---
name: workflow-engine
description: Guide for @bratsos/workflow-engine - a type-safe workflow engine with AI integration, stage pipelines, and persistence. Use when building multi-stage workflows, AI-powered pipelines, implementing workflow persistence, defining stages, or working with batch AI operations. For upgrades between published versions, route through `migrations/README.md`.
license: MIT
metadata:
  author: bratsos
  version: "0.4.0"
  repository: https://github.com/bratsos/workflow-engine
---

## Upgrading between versions

When the user wants to upgrade `@bratsos/workflow-engine` in their project (e.g., "upgrade my project to the latest workflow-engine version", "I just bumped workflow-engine, walk me through the migration"), route to `migrations/README.md` — the upgrade router. It explains how to detect the installed and previous versions, find the relevant migration guides, and apply them in order. Multi-version upgrades (e.g., 0.6 → 0.8) load and apply multiple migration files sequentially.
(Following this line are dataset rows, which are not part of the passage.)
Lemma nbhs_translate (z : E) W : nbhs 0 W -> nbhs z [set w | W (w - z)].
Proof.
rewrite -(subrr z) => /nbhs_add [A [B [nA nB AB_W]]].
by apply: filterS nA => w Aw; apply: AB_W => //; apply: nbhs_singleton.
Qed.

Lemma nbhs0_absorbing C (z : E) :
  nbhs 0 C -> exists t, t != 0 /\ C (t^-1 *: z).
Proof.
rewrite -(scale0r z); case: tE => _ scale_cont _ /scale_cont.
move=> [e [e_gt0 [N [nN NC]]]]; have [s [s_neq0 s_lt]] := exists_abs_lt e_gt0.
exists s^-1; rewrite invr_eq0 invrK; split => //.
by apply: NC; [rewrite subr0 | apply: nbhs_singleton].
Qed.

Definition balanced (C : set E) :=
  forall (l : K) z, abs l <= 1 -> C z -> C (l *: z).

Lemma nbhs0_balanced W : nbhs (0 : E) W ->
  exists C, [/\ nbhs 0 C, balanced C & C `<=` W].
Proof.
move=> nW; have nW' : nbhs ((0 : K) *: (0 : E)) W by rewrite scaler0.
case: tE => _ scale_cont _.
have [e [e_gt0 [N [nN NW]]]] := scale_cont _ _ _ nW'.
exists [set z | exists s y, [/\ abs s < e, N y & z = s *: y]]; split.
- have [s [s_neq0 s_lt]] := exists_abs_lt e_gt0.
  rewrite -[X in nbhs X](scaler0 _ s^-1) in nN.
  apply: filterS (nbhs_scale nN) => y Ny; exists s, (s^-1 *: y).
  by rewrite scalerA mulfV // scale1r.
- move=> l _ l_le1 [s [y [s_lt Ny ->]]]; exists (l * s), y.
  rewrite scalerA absM; split => //; apply: le_lt_trans s_lt.
  by rewrite ler_piMl // abs_ge0.
- by move=> _ [s [y [s_lt Ny ->]]]; apply: NW; rewrite ?subr0.
Qed.


Lemma gauge_ge0 (g : E -> R) x : gauge abs g -> 0 <= g x.
Proof. by case. Qed.

Lemma gauge_lt_nbhs0 (g : E -> R) r :
  gauge abs g -> 0 < r -> nbhs 0 [set x | g x < r].
Proof. by case=> _ _; apply. Qed.

Lemma gauge_oppr (g : E -> R) x : gauge abs g -> g (- x) = g x.
Proof. by case=> _ g_scale _; rewrite -scaleN1r g_scale absN1 mul1r. Qed.

Definition max_dominates (g h : E -> R) :=
  forall u v, g (u + v) <= Num.max (h u) (h v).

Lemma max_dominates_lt g h u v r :
  max_dominates g h -> h u < r -> h (v - u) < r -> g v < r.
Proof.
move=> gh hu_lt hvu_lt; have := gh u (v - u); rewrite addrC subrK.
by move/le_lt_trans; apply; rewrite gt_max hu_lt.
Qed.

Lemma max_dominates_ge g h u v :
  max_dominates g h -> gauge abs h -> h (v - u) < g u -> g u <= h v.
Proof.
move=> gh gauge_h hvu_lt; have := gh v (u - v); rewrite addrC subrK.
rewrite -opprB gauge_oppr // le_max => /orP[//|].
by move/(lt_le_trans hvu_lt); rewrite ltxx.
Qed.

Definition minkowski (C : set E) (z : E) : R :=
  inf [set abs t | t in [set t | t != 0 /\ C (t^-1 *: z)]].

Section Minkowski.
Variable C : set E.
Hypothesis nC : nbhs 0 C.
# @bratsos/workflow-engine Skill

Type-safe workflow engine for building AI-powered, multi-stage pipelines with persistence and batch processing support. Uses a **command kernel** architecture with environment-agnostic design.

## Architecture Overview

The engine follows a **kernel + host** pattern:

- **Core library** (`@bratsos/workflow-engine`) - Command kernel, stage/workflow definitions, persistence adapters
- **Node Host** (`@bratsos/workflow-engine-host-node`) - Long-running worker with polling loops and signal handling
- **Serverless Host** (`@bratsos/workflow-engine-host-serverless`) - Stateless single-invocation for edge/lambda/workers
- **Remote Host** (`@bratsos/workflow-engine-host-remote`) - Credential-free remote activity workers: run a stage's `execute()` on a separate, disposable machine (no DB connection, no root object-store credentials)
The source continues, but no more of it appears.